Bank of America vs. Philippine Racing Club
G.R. 150228 July 30, 2009 Ponente: Leonardo-De Castro, J: Facts: 1. Plaintiff PRCI is a domestic corporation which maintains a current account with petitioner Bank of America. Its authorized signatories are the company President and Vice-President. By virtue of a travel abroad for these officers, they pre-signed checks to accommodate any expenses that may come up while they were abroad for a business trip. The said pre-signed checks were left for safekeeping by PRCs accounting officer. Unfortunately, the two (2) of said checks came into the hands of one of its employees who managed to encash it with petitioner bank. The said check was filled in with the use of a check-writer, wherein in the blank for the 'Payee', the amount in words was written, with the word 'Cash' written above it. 2. Clearly there was an irregularity with the filling up of the blank checks as both showed similar infirmities and irregularities and yet, the petitioner bank did not try to verify with the corporation and proceeded to encash the checks. 3. PRC filed an action for damages against the bank. The lower court awarded actual and exemplary damages. On appeal, the CA affirmed the lower court's decision and held that the bank was negligent. Hence this appeal. Petitioner contends that it was merely doing its obligation under the law and contract in encashing the checks, since the signatures in the checks are genuine. Issue: Whether or not the petitioner can be held liable for negligence and thus should pay damages to PRC
Both parties are held to be at fault but the bank
has the last clear chance to prevent the fraudulent encashment hence it is the one foremost liable . 1. There was no dispute that the signatures in the checks are genuine but the presence of irregularities on the face of the check should have alerted the bank to exercise caution before encashing them. It is well-settled that banks are in the business impressed with public interest that they are duty bound to protect their clients and their deposits at all times. They must treat the accounts of these clients with meticulousness and a highest degree of care considering the fiduciary nature of their relationship. The diligence required of banks are more than that of a good father of a family.
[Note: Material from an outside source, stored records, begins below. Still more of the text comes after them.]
(* Let $R>0$. For a Ptolemy interval $([0,1],d)$ with $d(0,1)=R$ consider the curve $t\mapsto p_t=(d(t,1),d(t,0))\in Q$, $t\in[0,1]$. This assignment induces a one-to-one correspondence between isometry classes of Ptolemy intervals $([0,1],d)$ with $d(0,1)=R$ and convex curves in $T(e_R^1,e_R^2)$ from $e_R^1$ to $e_R^2$ (considered as subsets of $Q$), modulo reflection at the bisecting line $\{(a,a):a\ge0\}$ of $Q$.
   Context: A Ptolemy interval (Ptolemy segment) is a compact interval with a metric $d$ inducing its standard topology such that $d(x_1,x_3)d(x_2,x_4)=d(x_1,x_2)d(x_3,x_4)+d(x_1,x_4)d(x_3,x_2)$ whenever $x_1,x_2,x_3,x_4$ lie in this order on the interval. Let $Q=[0,\infty)\times[0,\infty)\subset\mathbb{R}^2$, $e_R^1=(R,0)$, $e_R^2=(0,R)$, and let $\arg(p)$ denote the polar angle of $p\in Q\setminus\{0\}$. For $u,w\in Q$ with $\arg(u)<\arg(w)$, $T(u,w)=\{\lambda u+\mu w\in Q:\ \lambda,\mu\ge0,\ \lambda+\mu\ge1,\ \lambda+1\ge\mu,\ \mu+1\ge\lambda\}$. A curve $t\mapsto p_t$ in $Q$, $t\in[0,1]$, from $e_R^1$ to $e_R^2$ is convex if it is continuous, $\arg(p_t)$ is strictly increasing in $t$, and the bounded component of $Q\setminus\{p_t:t\in[0,1]\}$ is convex. *)

From HB Require Import structures.
From mathcomp Require Import all_boot all_order all_algebra.
From mathcomp Require Import all_classical all_reals all_analysis.
Set Implicit Arguments. Unset Strict Implicit. Unset Printing Implicit Defensive.
Import Order.TTheory GRing.Theory Num.Theory.
Import numFieldNormedType.Exports.
Local Open Scope classical_set_scope.
Local Open Scope ring_scope.

Section Defs.
Variable R : realType.

Definition I01 : set R := `[0, 1]%classic.

(** [d] is a metric on [0,1] (only its values on [0,1]x[0,1] matter). *)
Definition metric_on01 (d : R -> R -> R) : Prop :=
  [/\ (forall x, I01 x -> d x x = 0),
      (forall x y, I01 x -> I01 y -> d x y = 0 -> x = y),
      (forall x y, I01 x -> I01 y -> d x y = d y x) &
      (forall x y z, I01 x -> I01 y -> I01 z -> d x z <= d x y + d y z)].

Definition d_open (d : R -> R -> R) (U : set R) : Prop :=
  forall x, U x -> exists2 e : R, 0 < e &
    forall y, I01 y -> d x y < e -> U y.

Definition std_open (U : set R) : Prop :=
  forall x, U x -> exists2 e : R, 0 < e &
    forall y, I01 y -> `|x - y| < e -> U y.

Definition induces_standard_topology (d : R -> R -> R) : Prop :=
  forall U : set R, U `<=` I01 -> (d_open d U <-> std_open U).

Definition ptolemy_eq (d : R -> R -> R) : Prop :=
  forall x1 x2 x3 x4, I01 x1 -> I01 x4 -> x1 <= x2 -> x2 <= x3 -> x3 <= x4 ->
    d x1 x3 * d x2 x4 = d x1 x2 * d x3 x4 + d x1 x4 * d x3 x2.

Definition ptolemy_interval (d : R -> R -> R) : Prop :=
  [/\ metric_on01 d, induces_standard_topology d & ptolemy_eq d].

Definition isometric01 (d d' : R -> R -> R) : Prop :=
  exists f : R -> R,
    [/\ (forall x, I01 x -> I01 (f x)),
        (forall y, I01 y -> exists2 x, I01 x & f x = y) &
        (forall x y, I01 x -> I01 y -> d' (f x) (f y) = d x y)].

Definition Quad : set (R * R) := [set p | 0 <= p.1 /\ 0 <= p.2].

Definition e1 (r : R) : R * R := (r, 0).
Definition e2 (r : R) : R * R := (0, r).

Definition arg (p : R * R) : R := acos (p.1 / Num.sqrt (p.1 ^+ 2 + p.2 ^+ 2)).

Definition Tset (u w : R * R) : set (R * R) :=
  [set p | Quad p /\ exists l m : R,
     [/\ 0 <= l, 0 <= m, 1 <= l + m, m <= l + 1 & l <= m + 1] /\
     p = (l * u.1 + m * w.1, l * u.2 + m * w.2)].

Definition swap_pt (p : R * R) : R * R := (p.2, p.1).
Definition reflect_set (A : set (R * R)) : set (R * R) := swap_pt @` A.

Definition bounded_set2 (A : set (R * R)) : Prop :=
  exists M : R, forall p, A p -> `|p.1| <= M /\ `|p.2| <= M.

Definition convex_set2 (A : set (R * R)) : Prop :=
  forall p q, A p -> A q -> forall l : R, 0 <= l -> l <= 1 ->
    A ((1 - l) * p.1 + l * q.1, (1 - l) * p.2 + l * q.2).

Definition convex_curve (p : R -> R * R) (a b : R * R) : Prop :=
  let img := p @` I01 in
  [/\ {within I01, continuous p},
      (forall t, I01 t -> Quad (p t) /\ p t <> (0, 0)),
      (forall s t, I01 s -> I01 t -> s < t -> arg (p s) < arg (p t)),
      p 0 = a /\ p 1 = b &
      (forall x, (Quad `\` img) x ->
         bounded_set2 (connected_component (Quad `\` img) x) ->
         convex_set2 (connected_component (Quad `\` img) x))].

Definition convex_curve_set (r : R) (A : set (R * R)) : Prop :=
  exists p : R -> R * R,
    [/\ convex_curve p (e1 r) (e2 r), p @` I01 = A & A `<=` Tset (e1 r) (e2 r)].

Definition curve_of (d : R -> R -> R) : set (R * R) :=
  (fun t => (d t 1, d t 0)) @` I01.

End Defs.

(* Ptolemy's equality for 0 <= x <= y <= 1 says that the cross product of
   p_x = (d(x,1), d(x,0)) and p_y is R d(x,y).  Hence d is recovered from its
   curve as d(x,y) = |p_x x p_y| / R, so the curve determines ([0,1], d) up to
   the reversal of [0,1], which swaps the coordinates of the curve.  Under this
   dictionary, positivity of d is the strict monotonicity of the polar angle,
   the triangle inequalities with the endpoints 0 and 1 place the curve in
   T(e_R^1, e_R^2), and the triangle inequality d(s,u) <= d(s,t) + d(t,u) for
   s <= t <= u is subadditivity of the cross product along the curve, which is
   equivalent to convexity of the region between the axes and the curve.
   Conversely, for a convex curve in T, |p_x x p_y| / R is a metric (inside T
   the other two triangle inequalities follow from subadditivity), it induces
   the standard topology because the angle is a continuous and strictly
   monotone function of the parameter, and it satisfies Ptolemy's equality by
   the Pluecker identity for 2x2 determinants. *)

From HB Require Import structures.
From mathcomp Require Import all_boot all_order all_algebra.
From mathcomp Require Import all_classical all_reals all_analysis.
From mathcomp Require Import ring lra.
Import Order.TTheory GRing.Theory Num.Theory.
Import numFieldNormedType.Exports.
Set Implicit Arguments. Unset Strict Implicit. Unset Printing Implicit Defensive.
Local Open Scope classical_set_scope.
Local Open Scope ring_scope.

Section UnitInterval.
Variable R : realType.
Implicit Types (s t u x y e : R) (f g : R -> R).

Lemma I01P t : I01 t <-> 0 <= t <= 1.
Proof. by rewrite /I01 /= in_itv. Qed.

Lemma in_I01 t : t \in `[0, 1]%R <-> I01 t.
Proof. by rewrite I01P in_itv. Qed.

Lemma I01_0 : I01 (0 : R).
Proof. by apply/I01P; rewrite lexx ler01. Qed.

Lemma I01_1 : I01 (1 : R).
Proof. by apply/I01P; rewrite lexx ler01. Qed.

Lemma I01_between s t u : I01 s -> I01 u -> s <= t -> t <= u -> I01 t.
Proof.
move=> /I01P/andP[s0 _] /I01P/andP[_ u1] st tu.
by apply/I01P; rewrite (le_trans s0 st) (le_trans tu u1).
Qed.

Definition continuous01 f := forall t, I01 t -> forall e, 0 < e ->
  exists2 d, 0 < d & forall s, I01 s -> `|t - s| < d -> `|f t - f s| < e.

Lemma continuous01_within f a b :
  continuous01 f -> 0 <= a -> b <= 1 -> {within `[a, b], continuous f}.
Proof.
move=> fc a0 b1; have abI s : s \in `[a, b] -> I01 s.
  by rewrite in_itv => /andP[aS sB]; apply/I01P; rewrite (le_trans a0 aS) (le_trans sB b1).
apply/subspace_continuousP => t /abI It; apply/cvg_ballP => e e0.
have [d d0 Hd] := fc t It e e0.
rewrite /prop_near1 /within /= nbhs_simpl /=.
by apply/nbhs_ballP; exists d => // s ts /abI Is; apply: Hd.
Qed.

Lemma within_continuous01P (p : R -> R * R) : {within I01 (R:=R), continuous p} <->
  continuous01 (fun t => (p t).1) /\ continuous01 (fun t => (p t).2).
Proof.
rewrite subspace_continuousP; split.
- move=> pc; split=> t It e e0; have := cvg_ball (pc t It) e0;
    rewrite /prop_near1 /within /= nbhs_simpl /= =>
    /(_ (within_filter _ _))/nbhs_ballP[d d0 Hd];
    by exists d => // s Is ts; have [] := Hd s ts Is.
- move=> [pc1 pc2] t It; apply/cvg_ballP => e e0.
  have [d1 d10 Hd1] := pc1 t It e e0; have [d2 d20 Hd2] := pc2 t It e e0.
  have d0 : 0 < Num.min d1 d2 :> R by rewrite lt_min d10 d20.
  rewrite /prop_near1 /within /= nbhs_simpl /=; apply/nbhs_ballP.
  exists (Num.min d1 d2) => //.
  move=> s; rewrite /ball /= lt_min => /andP[s1 s2] Is.
  by split; [exact: Hd1|exact: Hd2].
Qed.

Lemma continuous01D f g :
  continuous01 f -> continuous01 g -> continuous01 (fun t => f t + g t).
Proof.
move=> fc gc t It e e0; have e20 : 0 < e / 2 by rewrite divr_gt0.
have [d1 d10 H1] := fc t It _ e20; have [d2 d20 H2] := gc t It _ e20.
exists (Num.min d1 d2); first by rewrite lt_min d10 d20.
move=> s Is; rewrite lt_min => /andP[s1 s2].
rewrite opprD addrACA (le_lt_trans (ler_normD _ _)) // (splitr e).
by rewrite ltrD ?H1 ?H2.
Qed.

Lemma continuous01Mr f c : continuous01 f -> continuous01 (fun t => f t * c).
Proof.
move=> fc t It e e0; have c0 : 0 < `|c| + 1 by rewrite ltr_wpDl.
have [d d0 Hd] := fc t It (e / (`|c| + 1)) (divr_gt0 e0 c0).
exists d => // s Is ts; rewrite -mulrBl normrM.
apply: (@le_lt_trans _ _ (`|f t - f s| * (`|c| + 1))).
  by rewrite ler_wpM2l // lerDl.
by rewrite -ltr_pdivlMr // Hd.
Qed.

Lemma eq_continuous01 f g : f =1 g -> continuous01 f -> continuous01 g.
Proof.
move=> fg fc t It e e0; have [d d0 Hd] := fc t It e e0.
by exists d => // s Is ts; rewrite -!fg Hd.
Qed.

Lemma increasing01_inverse_near f x e :
  (forall s t, I01 s -> I01 t -> s < t -> f s < f t) -> I01 x -> 0 < e ->
  exists2 rho, 0 < rho & forall y, I01 y -> `|f y - f x| < rho -> `|y - x| < e.
Proof.
move=> fI Ix e0; have /I01P/andP[x0 x1] := Ix.
have fle s t : I01 s -> I01 t -> s <= t -> f s <= f t.
  by move=> Is It; rewrite le_eqVlt => /orP[/eqP->//|/fI-/(_ Is It)/ltW].
have e20 : 0 < e / 2 by rewrite divr_gt0.
have e2e : e / 2 < e by rewrite ltr_pdivrMr // ltr_pMr // ltr1n.
have [r1 r10 H1] : exists2 r1, 0 < r1 &
    forall y, I01 y -> x + e <= y -> r1 <= f y - f x.
  case: (lerP (x + e / 2) 1) => hx; last first.
    by exists 1 => // y /I01P/andP[_ y1] hy; exfalso; lra.
  have Ixe : I01 (x + e / 2) by apply/I01P; rewrite hx andbT addr_ge0 // ltW.
  exists (f (x + e / 2) - f x); first by rewrite subr_gt0 fI // ltrDl.
  by move=> y Iy hy; rewrite lerD2r fle //; lra.
have [r0 r00 H0] : exists2 r0, 0 < r0 &
    forall y, I01 y -> y <= x - e -> r0 <= f x - f y.
  case: (lerP 0 (x - e / 2)) => hx; last first.
    by exists 1 => // y /I01P/andP[y0 _] hy; exfalso; lra.
  have Ixe : I01 (x - e / 2) by apply/I01P; rewrite hx /=; lra.
  exists (f x - f (x - e / 2)); first by rewrite subr_gt0 fI //; lra.
  by move=> y Iy hy; rewrite lerD2l lerN2 fle //; lra.
exists (Num.min r1 r0); first by rewrite lt_min r10 r00.
move=> y Iy; rewrite lt_min !ltr_norml => /andP[/andP[_ h1] /andP[h0 _]].
apply/andP; split; rewrite ltNge; apply/negP => hy.
- have /(H0 y Iy) : y <= x - e by lra.
  lra.
- have /(H1 y Iy) : x + e <= y by lra.
  lra.
Qed.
2. The PRC officers' practice of pre-signing
checks is a seriously negligent and highly risky behavior which makes them also contributor to the loss. It's own negligence must therefore mitigate the petitioner's liability. Moreover, the person who stole the checks is also an employee of the plaintiff, a cleck in its accounting department at that. As the employer, PRC supposedly should have control and supervision over its own employees. 3. The court held that the petitioner is liable for 60% of the total amount of damages while PRC should shoulder 40% of the said amount.